Figure 4.. Serum isotype and clonotype levels in AM14 Xid/+ and AM14 Xid/y mice.

(A–E) Comparison of (CBA/N×BALB/c) Xid/+ (●; n=3), Xid/y (○; n=4), AM14 Xid/+ (■; n=8), and AM14 Xid/y (□; n=8) serum isotype titers. Mean ± sem is shown. Statistical analysis was performed by two-way ANOVA (**P ≤ 0.01).

Figure 5.. Ca²⁺-dependent activation of AM14 Xid/y B cells is muted.

B220-purified B cells from the indicated strains were stimulated with of F(ab′)₂ anti-IgM (A), anti-RP105 (B), or anti-CD38 (C) for 30 h. Entry into cell cycle was measured by ³H-thymidine incorporation. Mean ± sem of four to 10 independent experiments is shown. One-way ANOVA was used to test for statistical significance (*P≤0.05; **P≤0.01; ***P≤0.005).

Figure 6.. AM14 Xid/y B cells respond to TLR activation.

Splenic B220⁺ B cells from (CBA/N×BALB/c) Xid/+ (●), Xid/y (○), AM14 Xid/+ (■), and AM14 Xid/y (□) were cultured with the indicated concentrations of LPS (A), CL097 (B) or CpG (C) for 30 h. Proliferation was ascertained by ³H-thymidine uptake. Mean ± sem of three independent experiments. Statistical significance was ascertained by two-way ANOVA (*P≤0.05).

Figure 7.. AM14 Xid/y B cells respond to nucleic acid containing ICs.
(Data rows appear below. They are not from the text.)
Lemma cidx_N0 k : (N0 <= cidx k)%N.
Proof. exact: leq_trans (leq_maxl _ _) (cidx_mono (leq0n k)). Qed.

Definition gdiff k : ser RR m n F B := fun mo l =>
  if k is k'.+1 then g (cidx k) mo l - g (cidx k') mo l else g (cidx 0) mo l.

Lemma sum_gdiff K mo l : \sum_(0 <= k < K.+1) gdiff k mo l = g (cidx K) mo l.
Proof. by elim: K => [|K IH]; rewrite ?big_nat1 // big_nat_recr //= IH /gdiff; ring. Qed.

Lemma gdiff_val_ge k : val_ge v lam (gdiff k) k.-1%:R.
Proof.
case: k => [|k] u int_u mo l nz; first exact: (g_ge0 (cidx_N0 0)) nz.
apply: (g_cauchy (p := cidx k.+1) (q := cidx k) _ _ int_u nz); last exact: cidx_Nc.
exact: leq_trans (cidx_Nc k) (cidx_mono (leqnSn k)).
Qed.

Definition dsupp k := undup (supp (cidx k) ++ supp (cidx k.-1)).

Lemma gdiff_supp k mo l : gdiff k mo l != 0 -> mo \in dsupp k.
Proof.
rewrite /dsupp mem_undup mem_cat; case: k => [/g_supp ->//|k /addr_neq0 [/g_supp ->//|]].
by rewrite oppr_eq0 => /g_supp ->; rewrite orbT.
Qed.

Definition mono0 : mono m n B := ([ffun=> 0], [ffun=> 0%N], [ffun=> 0]).

Definition dterm k i mo l :=
  if (i < size (dsupp k))%N && (mo == nth mono0 (dsupp k) i) then gdiff k mo l else 0.
Theorem mainTheorem4 (R : realType) (t : R[i]) (nu : nat -> R[i] -> R[i] -> R[i]) :
  0 < `|t ^+ 4| < 1 ->
  (forall (m : nat) (a b : R[i]), nu m a b != 0) ->
  forall (n : nat) (x x0 x1 : R[i]),
    (1 <= n)%N -> x != 0 -> x0 != 0 -> x1 != 0 -> generic t x0 x1 ->
    A2 t (Pbar t nu n) x x0 x1 =
      'i%C * t ^-1 / (1 - x0 ^+ 2) *
      ( x0 ^+ 2 * nu n (t ^- 2 * x0) x1 / nu n.+1 x0 x1 * Pbar t nu n.+1 x x0 x1
        - nu n (t ^+ 2 * x0) x1 / nu n.-1 x0 x1 * lam t n x0 x1 * Pbar t nu n.-1 x x0 x1
        + (x0 ^+ 2 * (gam t n (t ^- 2 * x0) x1 / lam t n (t ^- 2 * x0) x1)
             * (nu n (t ^- 2 * x0) x1 / nu n x0 x1)
           - nu n (t ^+ 2 * x0) x1 / nu n x0 x1) * Pbar t nu n x x0 x1 )
    /\
    A4 t (Pbar t nu n) x x0 x1 =
      'i%C * t ^-1 / (1 - x1 ^+ 2) *
      ( x1 ^+ 2 * nu n x0 (t ^- 2 * x1) / nu n.+1 x0 x1 * Pbar t nu n.+1 x x0 x1
        - nu n x0 (t ^+ 2 * x1) / nu n.-1 x0 x1 * lam t n x1 x0 * Pbar t nu n.-1 x x0 x1
        + (x1 ^+ 2 * (gam t n x0 (t ^- 2 * x1) / lam t n (t ^- 2 * x1) x0)
             * (nu n x0 (t ^- 2 * x1) / nu n x0 x1)
           - nu n x0 (t ^+ 2 * x1) / nu n x0 x1) * Pbar t nu n x x0 x1 ).
Proof.
move=> ht nu_neq0 n x x0 x1 n_gt0 x_neq0 x0_neq0 x1_neq0 /qgeneric_sqr gen.
split; first exact: A2_Pbar.
have gen' := qgeneric_sym gen.
rewrite A4_Pbar_swap A2_Pbar //=.
by rewrite /Pbar !(Pn_sym _ _ _ x1) (gam_sym _ _ (t ^- 2 * x1)).
Qed.
Lemma uniq_bead_up m : 0 < m -> uniq (map (bead_up la m) (iota 0 (size la))).
Proof.
move=> m_gt0; rewrite map_inj_in_uniq ?iota_uniq // => i k.
rewrite !mem_iota !add0n /= => i_lt k_lt eq_bead.
have eq_mod : beta la i %% m = beta la k %% m.
  have := congr1 (modn^~ m) eq_bead.
  by rewrite /bead_up /= !(mulnC m) !modnMDl !modn_mod.
have /eqP := eq_bead; rewrite /bead_up eq_mod eqn_add2r eqn_pmul2l // => /eqP eq_counts.
case: (ltngtP i k) => // [i_lt_k | k_lt_i].
- by have := count_beads_above i_lt_k k_lt eq_mod; rewrite eq_mod eq_counts ltnn.
- have := count_beads_above k_lt_i i_lt (esym eq_mod).
  by rewrite eq_mod eq_counts ltnn.
Qed.

Lemma count_dvdn_hooks m : 0 < m ->
  m * \sum_(i < size la) count (fun j => m %| hook la i j) (iota 0 (nth 0 la i))
  <= sumn la.
Proof.
move=> m_gt0.
have rows : \sum_(i < size la)
    (m * count (fun j => m %| hook la i j) (iota 0 (nth 0 la i)) + bead_up la m i)
    = \sum_(i < size la) beta la i.
  by apply: eq_bigr => i _; rewrite count_dvdn_hook_row.
have sum_beta : \sum_(i < size la) beta la i
                = sumn la + \sum_(i < size la) (i : nat).
  rewrite big_split /=; congr (_ + _); first by rewrite sumnE (big_nth 0) big_mkord.
  by rewrite [RHS](reindex_inj rev_ord_inj).
have := sum_ord_leq_sum_uniq (uniq_bead_up m_gt0).
rewrite size_map size_iota big_map big_iota0 /=.
by rewrite big_split -big_distrr sum_beta /= in rows; lia.
Qed.

End BetaNumbers.

Definition hook_prod (la : seq nat) :=
  \prod_(i < size la) \prod_(j < nth 0 la i) hook la i j.

Lemma hook_gt0 la i j : 0 < hook la i j.
Proof. by rewrite /hook addn1. Qed.

Lemma hook_prod_gt0 la : 0 < hook_prod la.
Proof. by apply: prodn_gt0 => i; apply: prodn_gt0 => j; apply: hook_gt0. Qed.

Lemma hook_leq_sumn la i j : all (fun p => 0 < p) la -> i < size la ->
  hook la i j <= sumn la.
Proof.
move=> la_pos i_lt; have := sumn_ge_nth la_pos i_lt.
have : 0 < nth 0 la i by apply: (allP la_pos); rewrite mem_nth.
by have := col_len_size la j; rewrite /hook; lia.
Qed.

(* Compare Legendre's formula for [(sumn la)`!] with [count_dvdn_hooks] at
   every prime power. *)
Lemma hook_prod_dvdn_fact la : sorted geq la -> all (fun p => 0 < p) la ->
  hook_prod la %| (sumn la)`!.
Proof.
move=> la_sorted la_pos; apply: dvdn_logn; [exact: hook_prod_gt0 | exact: fact_gt0 |].
move=> p p_pr; set n := sumn la.
have logn_hook i j : i < size la ->
    logn p (hook la i j) = \sum_(1 <= k < n.+1) (p ^ k %| hook la i j).
  move=> i_lt; apply: (logn_count_dvd_widen p_pr (hook_gt0 _ _ _)).
  exact: leq_trans (hook_leq_sumn j la_pos i_lt) (leqnSn n).
rewrite logn_fact // /hook_prod logn_prod => [|i]; last first.
  by apply: prodn_gt0 => j; apply: hook_gt0.
rewrite (eq_bigr (fun i : 'I_(size la) =>
    \sum_(1 <= k < n.+1) \sum_(j < nth 0 la i) (p ^ k %| hook la i j)))
  => [|i _]; last first.
  rewrite logn_prod => [|j]; last exact: hook_gt0.
  by under eq_bigr => j _ do rewrite logn_hook //; rewrite exchange_big.
rewrite exchange_big /=; apply: leq_sum => k _.
have pk_gt0 : 0 < p ^ k by rewrite expn_gt0 prime_gt0.
rewrite leq_divRL // mulnC.
under eq_bigr => i _ do rewrite (sum_ord_count (fun j => p ^ k %| hook la i j)).
exact: count_dvdn_hooks.
Qed.

Lemma hook_ltn_sub_l1 la i j : sorted geq la -> all (fun p => 0 < p) la ->
  0 < j -> j < nth 0 la i -> hook la i j < sumn la - l1 la.
Proof.
move=> la_sorted la_pos j_gt0 j_lt.
have i_lt_col : i < col_len la j by rewrite -ltn_nth_col_len.
have col_le : col_len la j <= col_len la 1.
  by apply: sub_count => p; apply: leq_ltn_trans.
have := sumn_ge_nth_count la_pos (leq_ltn_trans j_gt0 j_lt).
have := count_mem1_add_count_gt1 la_pos.
by rewrite /hook /l1 /col_len in i_lt_col col_le *; lia.
Qed.

(* Only first-column hooks can reach [sumn la - l1 la]. *)
Lemma logn_hook_prod la q : sorted geq la -> all (fun p => 0 < p) la ->
  prime q -> sumn la - l1 la <= q ->
  logn q (hook_prod la) = \sum_(b <- fch la) logn q b.
Proof.
move=> la_sorted la_pos q_pr q_ge.
rewrite /hook_prod logn_prod => [|i]; last first.
  by apply: prodn_gt0 => j; apply: hook_gt0.
rewrite /fch big_map big_iota0; apply: eq_bigr => i _.
have nth_gt0 : 0 < nth 0 la i by apply: (allP la_pos); rewrite mem_nth.
rewrite logn_prod => [|j]; last exact: hook_gt0.
rewrite -(prednK nth_gt0) big_ord_recl /= big1 ?addn0 // => j _.
have hook_lt : hook la i j.+1 < q.
  by apply: leq_trans q_ge; rewrite hook_ltn_sub_l1 // -(ltn_predRL) ltn_ord.
apply/eqP; rewrite -leqn0 leqNgt logn_gt0 mem_primes q_pr hook_gt0 /=.
by apply/negP => /(dvdn_leq (hook_gt0 _ _ _)); rewrite leqNgt hook_lt.
Qed.

Lemma fch_sub_iota la : sorted geq la -> all (fun p => 0 < p) la ->
  {subset fch la <= iota 1 (sumn la)}.
Proof.
move=> la_sorted la_pos b; rewrite fchE // => /mapP[i].
rewrite mem_iota add0n /= => i_lt ->.
have nth_gt0 : 0 < nth 0 la i by apply: (allP la_pos); rewrite mem_nth.
by have := sumn_ge_nth la_pos i_lt; rewrite mem_iota /beta; lia.
Qed.

Theorem proposition7p3 (n : nat) (la : seq nat) (q : nat) :
  is_partition n la ->
  prime q ->
  n - l1 la <= q <= n ->
  ~~ (q %| flam la) ->
  forall k : nat, 1 <= k <= n %/ q -> k * q \in fch la.
Proof.
move=> [la_sorted la_pos <-] q_pr /andP[q_ge _] q_ndvd k /andP[k_gt0 k_le].
move: q_ndvd; apply: contraNT => kq_notin.
have kq_in : k * q \in iota 1 (sumn la).
  by rewrite mem_iota add1n ltnS muln_gt0 k_gt0 prime_gt0 // -leq_divRL ?prime_gt0.
have := sum_logn_ltn_logn_fact q_pr (uniq_fch la_sorted la_pos)
  (fch_sub_iota la_sorted la_pos) kq_in kq_notin (dvdn_mull k (dvdnn q)).
rewrite -logn_hook_prod // => lt_logn.
have : 0 < logn q (flam la).
  by rewrite /flam -/(hook_prod la) logn_div ?hook_prod_dvdn_fact // subn_gt0.
by rewrite logn_gt0 mem_primes => /and3P[].
Qed.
(A) B220-purified B cells from AM14 Xid/+ and AM14 Xid/y were stimulated with CpG or the mAb PL2-3 (n=14), PA4 (n=7), and BWR4 (n=7) for 24 h, and proliferation was assessed by ³H-thymidine incorporation. Mean ± sem is shown, and statistical significance was determined by Student's t-test (*P≤0.05; ***P≤0.005). (B) AM14 Xid/+ (■; n=3) and AM14 Xid/y (□; n=4) B cells were cultured in media alone (left), BLyS (middle), or BWR4 (right). Cell death was determined at the indicated time-points by flow cytometry using TO-PRO-3. (C) CFSE-labeled B220⁺ AM14 Xid/+ (upper) and AM14 Xid/y (lower) B cells were cultured for 72 h as described in B and then stained with TO-PRO-3 and analyzed by flow cytometry. Representative plots of five independent experiments are shown. (D) The cell-surface expression of CD69 and CD86 by AM14 Xid/+ (gray line) and AM14 Xid/y (black line) B cells stimulated for 3 days with BWR4 was determined by flow cytometry. Isotype control is shown by the solid curve. Representative plots of two independent experiments are shown.